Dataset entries
Let l_ge0 : 0 <= l.
Proof.
have [T0|/card_gt0P [s0 _]] := posnP #|T|; first by rewrite /l T0 mul0r subr0.
have : \sum_(u : T) d <= \sum_u fmx_pow M N s0 u by apply: ler_sum.
by case: (stochastic_pow N M_stoch) => _ ->; rewrite sumr_const subr_ge0 mulr_natl.
Qed.

Lemma doeblin_contraction k (v : T -> R) : exists lo hi,
  hi - lo <= l ^+ k * (2 * \sum_w `|v w|) /\
  forall u, lo <= fmx_mulv (fmx_pow M (k * N)) v u <= hi.
Proof.
elim: k => [|k [lo [hi [width v_in]]]].
  exists (- \sum_w `|v w|), (\sum_w `|v w|); split.
    by rewrite expr0 mul1r opprK mulr_natl mulr2n.
  by move=> u; rewrite mul0n fmx_mulv_pow0 -ler_norml (bigD1 u) //= lerDl sumr_ge0.
set S := \sum_u fmx_mulv (fmx_pow M (k * N)) v u.
exists (l * lo + d * S), (l * hi + d * S); split.
  have -> : l * hi + d * S - (l * lo + d * S) = l * (hi - lo) by ring.
  by rewrite exprS -mulrA ler_wpM2l.
move=> u; rewrite mulSn fmx_mulv_powD; apply: doeblin_bounds => //.
by move=> a; case: (stochastic_pow N M_stoch) => _; apply.
Qed.

Lemma fmx_pow_mulv_cvg (v : T -> R) s :
  (fun n => fmx_mulv (fmx_pow M n) v s) @ \oo --> \sum_u p u * v u.
Proof.
have l_lt1 : `|l| < 1.
  by rewrite ger0_norm // ltrBlDr ltrDl mulr_gt0 // ltr0n; apply/card_gt0P; exists s.
set C := 2 * \sum_w `|v w|.
have mulv_mean n : \sum_u p u * v u = \sum_x p x * fmx_mulv (fmx_pow M n) v x.
  rewrite /fmx_mulv; under [RHS]eq_bigr do rewrite mulr_sumr.
  rewrite exchange_big /=; apply: eq_bigr => u _.
  have [_ _ <-] := invariant_prob_pow n p_inv.
  by rewrite mulr_suml; apply: eq_bigr => x _; rewrite mulrA.
apply/(@cvgrPdist_le _ R^o) => e e_gt0.
have lkC_cvg : (fun k => l ^+ k * C) @ \oo --> (0 : R^o).
  by rewrite -(mul0r C); apply: cvgMr_tmp; exact: cvg_expr.
move/(@cvgrPdist_le _ R^o)/(_ e e_gt0): lkC_cvg => [k _ /(_ k (leqnn k)) /=].
rewrite sub0r normrN ger0_norm ?mulr_ge0 ?exprn_ge0 ?sumr_ge0 // => lkC_le.
have [lo [hi [width v_in]]] := doeblin_contraction k v.
exists (k * N)%N => // n /= le_n; apply: le_trans lkC_le; apply: le_trans width.
have stays_in x : lo <= fmx_mulv (fmx_pow M n) v x <= hi.
  rewrite -(subnK le_n) fmx_mulv_powD; apply: convex_comb_bounds => //.
  - by case: (stochastic_pow (n - k * N) M_stoch).
  - by case: (stochastic_pow (n - k * N) M_stoch) => _; apply.
have mean_in : lo <= \sum_u p u * v u <= hi.
  by rewrite (mulv_mean n); case: p_inv => p_ge0 p1 _; apply: convex_comb_bounds.
move: (stays_in s) mean_in => /andP[? ?] /andP[? ?].
by rewrite ler_norml; apply/andP; split; lra.
Qed.

End Doeblin.

Section GibbsInequality.
Variable R : realType.

Lemma ln_le_subr1 (t : R) : 0 < t -> ln t <= t - 1.
Proof.
move=> t_gt0; rewrite -ler_expR lnK ?posrE //.
by have := expR_ge1Dx (t - 1); rewrite addrC subrK.
Qed.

Task prompt »
Transcribe every entry, keeping each line exactly as it reads.

Reply to the exercise »
Let l_ge0 : 0 <= l.
Proof.
have [T0|/card_gt0P [s0 _]] := posnP #|T|; first by rewrite /l T0 mul0r subr0.
have : \sum_(u : T) d <= \sum_u fmx_pow M N s0 u by apply: ler_sum.
by case: (stochastic_pow N M_stoch) => _ ->; rewrite sumr_const subr_ge0 mulr_natl.
Qed.

Lemma doeblin_contraction k (v : T -> R) : exists lo hi,
  hi - lo <= l ^+ k * (2 * \sum_w `|v w|) /\
  forall u, lo <= fmx_mulv (fmx_pow M (k * N)) v u <= hi.
Proof.
elim: k => [|k [lo [hi [width v_in]]]].
  exists (- \sum_w `|v w|), (\sum_w `|v w|); split.
    by rewrite expr0 mul1r opprK mulr_natl mulr2n.
  by move=> u; rewrite mul0n fmx_mulv_pow0 -ler_norml (bigD1 u) //= lerDl sumr_ge0.
set S := \sum_u fmx_mulv (fmx_pow M (k * N)) v u.
exists (l * lo + d * S), (l * hi + d * S); split.
  have -> : l * hi + d * S - (l * lo + d * S) = l * (hi - lo) by ring.
  by rewrite exprS -mulrA ler_wpM2l.
move=> u; rewrite mulSn fmx_mulv_powD; apply: doeblin_bounds => //.
by move=> a; case: (stochastic_pow N M_stoch) => _; apply.
Qed.

Lemma fmx_pow_mulv_cvg (v : T -> R) s :
  (fun n => fmx_mulv (fmx_pow M n) v s) @ \oo --> \sum_u p u * v u.
Proof.
have l_lt1 : `|l| < 1.
  by rewrite ger0_norm // ltrBlDr ltrDl mulr_gt0 // ltr0n; apply/card_gt0P; exists s.
set C := 2 * \sum_w `|v w|.
have mulv_mean n : \sum_u p u * v u = \sum_x p x * fmx_mulv (fmx_pow M n) v x.
  rewrite /fmx_mulv; under [RHS]eq_bigr do rewrite mulr_sumr.
  rewrite exchange_big /=; apply: eq_bigr => u _.
  have [_ _ <-] := invariant_prob_pow n p_inv.
  by rewrite mulr_suml; apply: eq_bigr => x _; rewrite mulrA.
apply/(@cvgrPdist_le _ R^o) => e e_gt0.
have lkC_cvg : (fun k => l ^+ k * C) @ \oo --> (0 : R^o).
  by rewrite -(mul0r C); apply: cvgMr_tmp; exact: cvg_expr.
move/(@cvgrPdist_le _ R^o)/(_ e e_gt0): lkC_cvg => [k _ /(_ k (leqnn k)) /=].
rewrite sub0r normrN ger0_norm ?mulr_ge0 ?exprn_ge0 ?sumr_ge0 // => lkC_le.
have [lo [hi [width v_in]]] := doeblin_contraction k v.
exists (k * N)%N => // n /= le_n; apply: le_trans lkC_le; apply: le_trans width.
have stays_in x : lo <= fmx_mulv (fmx_pow M n) v x <= hi.
  rewrite -(subnK le_n) fmx_mulv_powD; apply: convex_comb_bounds => //.
  - by case: (stochastic_pow (n - k * N) M_stoch).
  - by case: (stochastic_pow (n - k * N) M_stoch) => _; apply.
have mean_in : lo <= \sum_u p u * v u <= hi.
  by rewrite (mulv_mean n); case: p_inv => p_ge0 p1 _; apply: convex_comb_bounds.
move: (stays_in s) mean_in => /andP[? ?] /andP[? ?].
by rewrite ler_norml; apply/andP; split; lra.
Qed.

End Doeblin.

Section GibbsInequality.
Variable R : realType.

Lemma ln_le_subr1 (t : R) : 0 < t -> ln t <= t - 1.
Proof.
move=> t_gt0; rewrite -ler_expR lnK ?posrE //.
by have := expR_ge1Dx (t - 1); rewrite addrC subrK.
Qed.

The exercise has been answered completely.